● **Assigned task**
Where in the records does the word "Import" occur? Copy each line in which it does.

'''

(* Let $X,Y$ be polynomial orbit-finite sets and $R\subseteq X\times Y$ a finitely supported binary relation such that for every $x\in X$ the set $\{y: (x,y)\in R\}$ is nonempty. Then there is a finitely supported function $f:X\to Y$ such that $(x,f(x))\in R$ for all $x\in X$.
   Context: Atoms $\mathbb A$ are a countably infinite set; atom automorphisms are bijections of $\mathbb A$. Polynomial orbit-finite sets are built from $\mathbb A$ and singletons by finite products and disjoint unions with the natural action; automorphisms act on subsets elementwise and on functions by $\pi(f)=\pi\circ f\circ\pi^{-1}$. An object is finitely supported if there is a finite tuple $\bar a$ of atoms such that every automorphism fixing $\bar a$ pointwise fixes the object. *)

From Stdlib Require Import List.

Definition atom := nat.

Definition is_autom (pi pinv : atom -> atom) : Prop :=
  (forall a, pinv (pi a) = a) /\ (forall a, pi (pinv a) = a).

(* Syntax of polynomial orbit-finite sets: built from A and singletons
   by finite products and disjoint unions. *)
Inductive pof : Type :=
  | PAtom : pof
  | PUnit : pof
  | PProd : pof -> pof -> pof
  | PSum  : pof -> pof -> pof.

Fixpoint el (p : pof) : Type :=
  match p with
  | PAtom => atom
  | PUnit => unit
  | PProd p q => (el p * el q)%type
  | PSum p q => (el p + el q)%type
  end.

Fixpoint act (pi : atom -> atom) (p : pof) : el p -> el p :=
  match p return el p -> el p with
  | PAtom => fun a => pi a
  | PUnit => fun u => u
  | PProd p q => fun z => (act pi p (fst z), act pi q (snd z))
  | PSum p q => fun z => match z with
                         | inl x => inl (act pi p x)
                         | inr y => inr (act pi q y)
                         end
  end.

Definition fixes_all (pi : atom -> atom) (s : list atom) : Prop :=
  forall a, In a s -> pi a = a.

(* Subsets of X (as predicates); action pi(S) = { pi z | z in S }. *)
Definition set_fixed (p : pof) (pi : atom -> atom) (S : el p -> Prop) : Prop :=
  forall w, S w <-> exists z, S z /\ act pi p z = w.

Definition fs_set (p : pof) (S : el p -> Prop) : Prop :=
  exists s : list atom, forall pi pinv, is_autom pi pinv ->
    fixes_all pi s -> set_fixed p pi S.

(* Functions; action pi(f) = pi o f o pi^{-1}. *)
Definition fs_fun (p q : pof) (f : el p -> el q) : Prop :=
  exists s : list atom, forall pi pinv, is_autom pi pinv ->
    fixes_all pi s -> forall x, act pi q (f (act pinv p x)) = f x.

From Stdlib Require Import List Arith Lia Classical ClassicalEpsilon
  FunctionalExtensionality PropExtensionality.
Import ListNotations.

(* Let s support R.  Choose a list E of fresh atoms, more than
   the number of atom slots of X and Y, and put S := s ++ E.
   1. Small witnesses: for every x there is a witness y with R (x, y) whose
      atoms lie in atoms(x) ++ S.  An atom of a witness outside that list can
      be swapped with an unused atom of E; the swap fixes s and x, so the
      result is again a witness, with fewer bad atoms.
   2. Equivariant uniformization: pick a representative in every orbit of X
      under the automorphisms fixing S, choose a small witness there, and
      transport it along the orbit.  Smallness makes the transport
      independent of the chosen automorphism, so the resulting function is
      equivariant for automorphisms fixing S, i.e. it is supported by S. *)

(* The atoms occurring in an element, i.e. its least support. *)
Fixpoint atoms (p : pof) : el p -> list atom :=
  match p return el p -> list atom with
  | PAtom => fun a => [a]
  | PUnit => fun _ => []
  | PProd p q => fun z => atoms p (fst z) ++ atoms q (snd z)
  | PSum p q => fun z => match z with inl x => atoms p x | inr y => atoms q y end
  end.

Fixpoint psize (p : pof) : nat :=
  match p with
  | PAtom => 1
  | PUnit => 0
  | PProd p q | PSum p q => psize p + psize q
  end.

Lemma atoms_length p (z : el p) : length (atoms p z) <= psize p.
Proof.
  induction p; simpl in *; try lia.
  - destruct z as [u v]; simpl; rewrite length_app.
    specialize (IHp1 u); specialize (IHp2 v); lia.
  - destruct z as [u|v]; [specialize (IHp1 u)|specialize (IHp2 v)]; lia.
Qed.

Lemma act_id p (z : el p) : act (fun a => a) p z = z.
Proof.
  induction p; simpl; auto.
  - destruct z; simpl; rewrite IHp1, IHp2; auto.
  - destruct z; simpl; [rewrite IHp1|rewrite IHp2]; auto.
Qed.

Lemma act_comp f g p (z : el p) :
  act f p (act g p z) = act (fun a => f (g a)) p z.
Proof.
  induction p; simpl; auto.
  - destruct z; simpl; rewrite IHp1, IHp2; auto.
  - destruct z; simpl; [rewrite IHp1|rewrite IHp2]; auto.
Qed.

Lemma act_ext_on f g p (z : el p) :
  (forall a, In a (atoms p z) -> f a = g a) -> act f p z = act g p z.
Proof.
  induction p; simpl; intros H; auto.
  - destruct z; simpl in *.
    rewrite IHp1, IHp2; auto; intros; apply H; apply in_or_app; auto.
  - destruct z; simpl; [rewrite IHp1|rewrite IHp2]; auto.
Qed.

Lemma act_eq_atoms f g p (z : el p) :
  act f p z = act g p z -> forall a, In a (atoms p z) -> f a = g a.
Proof.
  induction p; simpl; intros H a Ha.
  - destruct Ha as [<-|[]]; auto.
  - destruct Ha.
  - destruct z; simpl in *; injection H; intros.
    apply in_app_or in Ha; destruct Ha; eauto.
  - destruct z; simpl in *; injection H; intros; eauto.
Qed.

Lemma atoms_act f p (z : el p) : atoms p (act f p z) = map f (atoms p z).
Proof.
  induction p; simpl; auto.
  - destruct z; simpl; rewrite IHp1, IHp2, map_app; auto.
  - destruct z; simpl; auto.
Qed.

Lemma autom_id : is_autom (fun a => a) (fun a => a).
Proof. split; auto. Qed.

Lemma autom_comp pi pinv sg sginv : is_autom pi pinv -> is_autom sg sginv ->
  is_autom (fun a => pi (sg a)) (fun a => sginv (pinv a)).
Proof. intros [H1 H2] [H3 H4]; split; intros a; [rewrite H1|rewrite H4]; auto. Qed.

Lemma autom_inv pi pinv : is_autom pi pinv -> is_autom pinv pi.
Proof. intros [H1 H2]; split; auto. Qed.

Lemma fixes_inv pi pinv S :
  is_autom pi pinv -> fixes_all pi S -> fixes_all pinv S.
Proof. intros [H1 _] H a Ha. rewrite <- (H a Ha) at 1. auto. Qed.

'''

● **Exercise result**
From Stdlib Require Import List.
From Stdlib Require Import List Arith Lia Classical ClassicalEpsilon
Import ListNotations.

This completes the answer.